Ты ошибешься, решив, что все здесь получили приговор за политические деяния: в этот лагерный коктейль вливались обильные потоки участников сибирских и кавказских банд, грузинских спекулянтов и абхазских контрабандистов, сводников, профессиональных игроков и просто неисправимых московских воров-карманников и деклассированных элементов, объявленных отбросами советского общества, а наряду с ними – ручейки проституток и бандерш, содержавших подпольные игровые притоны и бордели. И рядом с ними, в том же коктейле, были поэты и философы, биологи и мировые светила «реакционных буржуазных лженаук – генетики и кибернетики», театральные режиссеры и кинозвезды. И ты снова ошибешься, если решишь свести их всех к общему знаменателю «антисоветские элементы»: там, в лагерях, порой с непримиримой враждой в буквальном смысле вцеплялись друг другу в глотки участники гражданской войны, воевавшие одни – на стороне белых, а другие – на стороне красных, которых на одно-два десятилетия выпускали на свободу, а потом по малейшему поводу или без такового сажали обратно.
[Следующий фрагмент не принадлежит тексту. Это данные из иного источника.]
(* Let $E$ be the elliptic curve $Y^2+11Y=X^3+11X^2+33X$ over $\mathbb{Q}$ and $t=Y-\frac{11}{X}$. For every point $P=(x,y)\in E(\mathbb{Q})$ with $x\neq 0$, we have $H_X(P)\le 7\,H_t(P)^{2/3}$, i.e. $h_X(P)\le \tfrac23 h_t(P)+\log 7$. More precisely, for every finite prime $p$, $\max(1,|x|_p)\le \max(1,|y-\tfrac{11}{x}|_p)^{2/3}$, and at the archimedean place $\max(1,|x|)\le 7\max(1,|y-\tfrac{11}{x}|)^{2/3}$.
   Context: For a non-constant function $f$ on $E$ and $P\in E(\mathbb{Q})$ with $f(P)$ finite, $H_f(P)=\prod_{p\le\infty}\max(1,|f(P)|_p)$ and $h_f(P)=\log H_f(P)$. *)

From HB Require Import structures.
From mathcomp Require Import all_boot all_order all_algebra.
Set Implicit Arguments. Unset Strict Implicit. Unset Printing Implicit Defensive.
Import Order.TTheory GRing.Theory Num.Theory.
Local Open Scope ring_scope.

(* |r|_p for a prime p: p^(-v_p(r)), with |0|_p = 0.  Here
   r = numq r / denq r in lowest terms, so v_p(r) = v_p(num) - v_p(den). *)
Definition padic_abs (p : nat) (r : rat) : rat :=
  if r == 0 then 0
  else ((p ^ logn p `|denq r|)%N)%:R / ((p ^ logn p `|numq r|)%N)%:R.

Definition loc_fin (p : nat) (r : rat) : rat := Num.max 1 (padic_abs p r).
Definition loc_inf (r : rat) : rat := Num.max 1 `|r|.

(* H(r) = prod_{p <= oo} max(1,|r|_p).  All primes not dividing
   numq r * denq r have |r|_p = 1, so the product over all places equals the
   (finite) product over the archimedean place and the primes dividing
   numq r * denq r. *)
Definition height (r : rat) : rat :=
  loc_inf r * \prod_(p <- primes (`|numq r| * `|denq r|)%N) loc_fin p r.

Definition onE (x y : rat) : Prop :=
  y ^+ 2 + 11 * y = x ^+ 3 + 11 * x ^+ 2 + 33 * x.

Definition tfun (x y : rat) : rat := y - 11 / x.

From HB Require Import structures.
From mathcomp Require Import all_boot all_order all_algebra.
From mathcomp Require Import ring lra zify.
Import Order.TTheory GRing.Theory Num.Theory.
Local Open Scope ring_scope.

(* For a prime p, max(1,|r|_p) = p^(v_p(den r)), so
   the local inequalities at finite places all follow from the single
   divisibility den(x)^3 | den(t)^2.  That divisibility comes from two
   facts: on an integral Weierstrass curve Y^2 + a3 Y = X^3 + a2 X^2 + a4 X + a6
   the denominators of a rational point satisfy den(y)^2 = den(x)^3, and
   den(y) divides den(y - 11/x) because den(y) is coprime to num(x).  A point with x <= -7 cannot lie on E, and for x > 7 the
   curve equation gives x^3 <= (|t| + 99/14)^2 <= 343 max(1,|t|)^2, while for
   |x| <= 7 the bound is trivial.  Since H(r) = max(1,|r|) * den(r), the height inequality is
   the product of the archimedean inequality and den(x)^3 <= den(t)^2. *)

Lemma loc_finE (p : nat) (r : rat) :
  loc_fin p r = ((p ^ logn p `|denq r|)%N)%:R.
Proof.
rewrite /loc_fin /padic_abs.
have [->|r0] := eqVneq r 0; first by rewrite (_ : denq 0 = 1) // logn1 expn0 max_l.
case Hd: (logn p `|denq r|) => [|e].
  by rewrite expn0 max_l // ler_pdivrMr ?mul1r ?ler1n ?ltr0n ?pfactor_gt0.
have : (0 < logn p `|denq r|)%N by rewrite Hd.
rewrite logn_gt0 mem_primes => /and3P [pp _ p_den].
have p_num : coprime p `|numq r|.
  by rewrite coprime_sym; apply: coprime_dvdr p_den (coprime_num_den r).
by rewrite (logn_coprime p_num) expn0 divr1 max_r // ler1n expn_gt0 prime_gt0.
Qed.

Lemma prod_primes_logn (m n : nat) : (0 < m)%N -> (n %| m)%N ->
  (\prod_(p <- primes m) p ^ logn p n)%N = n.
Proof.
move=> m0 nm; have n0 : (0 < n)%N := dvdn_gt0 m0 nm.
rewrite (bigID (fun p => p \in primes n)) /=.
rewrite [X in (_ * X)%N]big1 ?muln1; last first.
  by move=> p; rewrite -logn_gt0 lt0n negbK => /eqP ->.
rewrite -big_filter (perm_big (primes n)).
  by rewrite {3}(prod_prime_decomp n0) prime_decompE big_map.
apply: uniq_perm; [exact: filter_uniq (primes_uniq _) | exact: primes_uniq |].
move=> p; rewrite mem_filter andb_idr // !mem_primes => /and3P [-> _ pn].
by rewrite m0 (dvdn_trans pn nm).
Qed.

Lemma heightE (r : rat) : height r = loc_inf r * (`|denq r|%N)%:R.
Proof.
rewrite /height; congr (_ * _).
have [->|r0] := eqVneq r 0; first by rewrite (_ : denq 0 = 1) // big_nil.
under eq_bigr do rewrite loc_finE.
rewrite -natr_prod prod_primes_logn ?dvdn_mull //.
by rewrite muln_gt0 !absz_gt0 numq_eq0 r0 gt_eqF ?denq_gt0.
Qed.

Lemma loc_fin_le_of_dvd (m n p : nat) (r s : rat) : prime p ->
  (`|denq r| ^ m %| `|denq s| ^ n)%N -> loc_fin p r ^+ m <= loc_fin p s ^+ n.
Proof.
move=> pp rs; rewrite !loc_finE -!natrX ler_nat -!expnM.
apply: leq_pexp2l; first exact: prime_gt0.
have s0 : (0 < `|denq s| ^ n)%N by rewrite expn_gt0 absz_gt0 gt_eqF ?denq_gt0.
have := dvdn_leq_log p s0 rs; rewrite !lognX; lia.
Qed.

Lemma coprimez_MDl (q m n : int) : coprimez m (q * m + n) = coprimez m n.
Proof. by rewrite /coprimez gcdzMDl. Qed.

Lemma weierstrass_den_dvd (a2 a3 a4 a6 a b c d : int) :
  coprimez a b -> coprimez c d ->
  b ^+ 3 * (c * (c + a3 * d)) =
    d ^+ 2 * (a ^+ 3 + a2 * a ^+ 2 * b + a4 * a * b ^+ 2 + a6 * b ^+ 3) ->
  (d ^+ 2 %| b ^+ 3)%Z /\ (b ^+ 3 %| d ^+ 2)%Z.
Proof.
move=> cab ccd E; split.
- have : (d ^+ 2 %| b ^+ 3 * (c * (c + a3 * d)))%Z by rewrite E dvdz_mulr.
  rewrite Gauss_dvdzl // coprimez_pexpl // coprimezMr coprimez_sym ccd /=.
  by rewrite addrC coprimez_MDl coprimez_sym.
- have : (b ^+ 3 %| d ^+ 2 * (a ^+ 3 + a2 * a ^+ 2 * b + a4 * a * b ^+ 2 +
                                a6 * b ^+ 3))%Z by rewrite -E dvdz_mulr.
  rewrite Gauss_dvdzl // coprimez_pexpl //.
  have -> : a ^+ 3 + a2 * a ^+ 2 * b + a4 * a * b ^+ 2 + a6 * b ^+ 3 =
            (a2 * a ^+ 2 + a4 * a * b + a6 * b ^+ 2) * b + a ^+ 3 by ring.
  by rewrite coprimez_MDl coprimezXr // coprimez_sym.
Qed.

Lemma weierstrass_denq (a2 a3 a4 a6 : int) (x y : rat) :
  y ^+ 2 + a3%:~R * y = x ^+ 3 + a2%:~R * x ^+ 2 + a4%:~R * x + a6%:~R ->
  (`|denq y| ^ 2 = `|denq x| ^ 3)%N.
Proof.
move=> hE.
have cx : coprimez (numq x) (denq x) by rewrite coprimezE coprime_num_den.
have cy : coprimez (numq y) (denq y) by rewrite coprimezE coprime_num_den.
have cleared : denq x ^+ 3 * (numq y * (numq y + a3 * denq y)) =
    denq y ^+ 2 * (numq x ^+ 3 + a2 * numq x ^+ 2 * denq x +
                   a4 * numq x * denq x ^+ 2 + a6 * denq x ^+ 3).
  apply: (@intr_inj rat); rewrite !(rmorphM, rmorphD, rmorphXn) /=.
  rewrite !numqE.
  transitivity ((denq x)%:~R ^+ 3 * (denq y)%:~R ^+ 2 *
                (y ^+ 2 + a3%:~R * y) : rat); first by ring.
  by rewrite hE; ring.
have [dy_dx dx_dy] := weierstrass_den_dvd a2 a3 a4 a6 _ _ _ _ cx cy cleared.
by apply/eqP; rewrite eqn_dvd -!abszX -!dvdzE dy_dx dx_dy.
Qed.

Lemma denq_dvd_sub_div (k : int) (x y : rat) : x != 0 ->
  coprimez (denq y) (numq x) -> (denq y %| denq (y - k%:~R / x))%Z.
Proof.
move=> x0 cyx; set t := y - k%:~R / x.
have cleared : numq t * (numq x * denq y) =
    (numq y * numq x - k * denq x * denq y) * denq t.
  apply: (@intr_inj rat); rewrite !(rmorphM, rmorphB) /= !numqE /t.
  by field.
have cyc : coprimez (denq y) (numq y * numq x - k * denq x * denq y).
  have -> : numq y * numq x - k * denq x * denq y =
            (- (k * denq x)) * denq y + numq y * numq x by ring.
  rewrite coprimez_MDl coprimezMr cyx andbT coprimez_sym.
  by rewrite coprimezE coprime_num_den.
by rewrite -(Gauss_dvdzr _ cyc) -cleared !dvdz_mull.
Qed.

Lemma denq_x_dvd_denq_t (x y : rat) : onE x y -> x != 0 ->
  (`|denq x| ^ 3 %| `|denq (tfun x y)| ^ 2)%N.
Proof.
move=> hE x0.
have den_eq : (`|denq y| ^ 2 = `|denq x| ^ 3)%N.
  by apply: (weierstrass_denq 11 11 33 0); rewrite hE; ring.
have cyx : coprimez (denq y) (numq x).
  rewrite coprimez_sym coprimezE -(@coprime_pexpr 2) // den_eq.
  exact/coprimeXr/coprime_num_den.
rewrite -den_eq dvdn_exp2r //.
by move: (denq_dvd_sub_div 11 _ _ x0 cyx); rewrite dvdzE.
Qed.

(* No rational point of E has x <= -7: there the right-hand side
   x^3 + 11x^2 + 33x = (x + 7)(x^2 + 4x + 5) - 35 is at most -35, while the
   left-hand side y^2 + 11y = (y + 11/2)^2 - 121/4 is at least -121/4. *)
Lemma onE_x_gt (x y : rat) : onE x y -> -7 < x.
Proof.
rewrite /onE => hE; rewrite real_ltNge ?num_real //; apply/negP => x_le.
have lhs_ge : - (121 / 4) <= y ^+ 2 + 11 * y.
  have -> : y ^+ 2 + 11 * y = (y + 11 / 2) ^+ 2 - 121 / 4 by field.
  by rewrite lerBrDr addrC subrr sqr_ge0.
have quad_pos : 0 < x ^+ 2 + 4 * x + 5.
  have sq_ge0 : 0 <= (x + 2) ^+ 2 := sqr_ge0 _.
  have : (x + 2) ^+ 2 = x ^+ 2 + 4 * x + 4 by ring.
  lra.
have prod_le : (x + 7) * (x ^+ 2 + 4 * x + 5) <= 0 by apply: mulr_le0_ge0; lra.
have : x ^+ 3 + 11 * x ^+ 2 + 33 * x = (x + 7) * (x ^+ 2 + 4 * x + 5) - 35 by ring.
lra.
Qed.

Lemma onE_cube_le (x y : rat) : onE x y -> 0 < x -> x ^+ 3 <= (`|y| + 11 / 2) ^+ 2.
Proof.
rewrite /onE => hE x0.
have rhs_ge : x ^+ 3 <= y ^+ 2 + 11 * y.
  have x2_ge0 : 0 <= x ^+ 2 := sqr_ge0 x.
  rewrite hE; lra.
have y_le : y <= `|y| := ler_norm y.
have -> : (`|y| + 11 / 2) ^+ 2 = `|y| ^+ 2 + 11 * `|y| + 121 / 4 by field.
rewrite real_normK ?num_real //; lra.
Qed.

Lemma loc_inf_le (x y : rat) : onE x y ->
  loc_inf x ^+ 3 <= 7 ^+ 3 * loc_inf (tfun x y) ^+ 2.
Proof.
rewrite /loc_inf /tfun => hE; move def_t: (y - 11 / x) => t.
have m_ge1 : 1 <= Num.max 1 `|t| by rewrite le_max lexx.
have m_ge0 : 0 <= Num.max 1 `|t| := le_trans ler01 m_ge1.
have t_le : `|t| <= Num.max 1 `|t| by rewrite le_max lexx orbT.
have [x_small|x_large] := lerP `|x| 7.
  have h : Num.max 1 `|x| ^+ 3 <= 7 ^+ 3.
    by apply: lerXn2r; rewrite ?nnegrE ?ge_max ?x_small ?le_max ?ler01.
  by apply: (le_trans h); rewrite ler_peMr ?exprn_ge0 ?expr_ge1.
have x_gt7 : 7 < x.
  by move: x_large; rewrite ltr_normr => /orP [//|]; have := onE_x_gt _ _ hE; lra.
have x0 : 0 < x by lra.
have -> : Num.max 1 `|x| = x by rewrite gtr0_norm // max_r //; lra.
have inv_ge0 : 0 <= 11 / x by rewrite divr_ge0 //; lra.
have inv_le : 11 / x <= 11 / 7 by rewrite ler_wpM2l // lef_pV2 ?posrE //; lra.
have y_le : `|y| <= `|t| + 11 / 7.
  have -> : y = t + 11 / x by rewrite -def_t; ring.
  by apply: (le_trans (ler_normD _ _)); rewrite (ger0_norm inv_ge0) lerD2l.
have base_le : `|y| + 11 / 2 <= 113 / 14 * Num.max 1 `|t| by lra.
apply: (le_trans (onE_cube_le _ _ hE x0)).
apply: (le_trans (_ : _ <= (113 / 14 * Num.max 1 `|t|) ^+ 2)).
  by apply: lerXn2r; rewrite ?nnegrE; have := normr_ge0 y; lra.
by rewrite exprMn; have := exprn_ge0 2 m_ge0; lra.
Qed.

Theorem mainTheorem5 (x y : rat) :
  onE x y -> x != 0 ->
  [/\ height x ^+ 3 <= 7 ^+ 3 * height (tfun x y) ^+ 2,
      (forall p : nat, prime p ->
         loc_fin p x ^+ 3 <= loc_fin p (tfun x y) ^+ 2)
    & loc_inf x ^+ 3 <= 7 ^+ 3 * loc_inf (tfun x y) ^+ 2].
Proof.
move=> hE x0.
have den_dvd := denq_x_dvd_denq_t _ _ hE x0.
have arch := loc_inf_le _ _ hE.
split=> [|p pp|//]; last exact: loc_fin_le_of_dvd.
have den_le : ((`|denq x|%N)%:R : rat) ^+ 3 <= (`|denq (tfun x y)|%N)%:R ^+ 2.
  by rewrite -!natrX ler_nat dvdn_leq // expn_gt0 absz_gt0 gt_eqF ?denq_gt0.
have loc_ge0 : 0 <= loc_inf x ^+ 3 by rewrite exprn_ge0 // le_max ler01.
rewrite !heightE !exprMn [X in _ <= X]mulrA.
exact: ler_pM loc_ge0 (exprn_ge0 _ (ler0n _ _)) arch den_le.
Qed.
Ты мог бы стать свидетелем яростных теоретических споров между троцкистами и сталинистами, увидеть на одних нарах инженеров великих строек первых пятилеток и саботажников с тех же строек, непримиримых антикоммунистов и кадровых большевиков, коллаборационистов, сотрудничавших с оккупантами, но не заслуживших все-таки пули в лоб, и подпольщиков или участников Сопротивления, а также участников гражданской войны в Испании, оказавшихся здесь по неведомым им причинам.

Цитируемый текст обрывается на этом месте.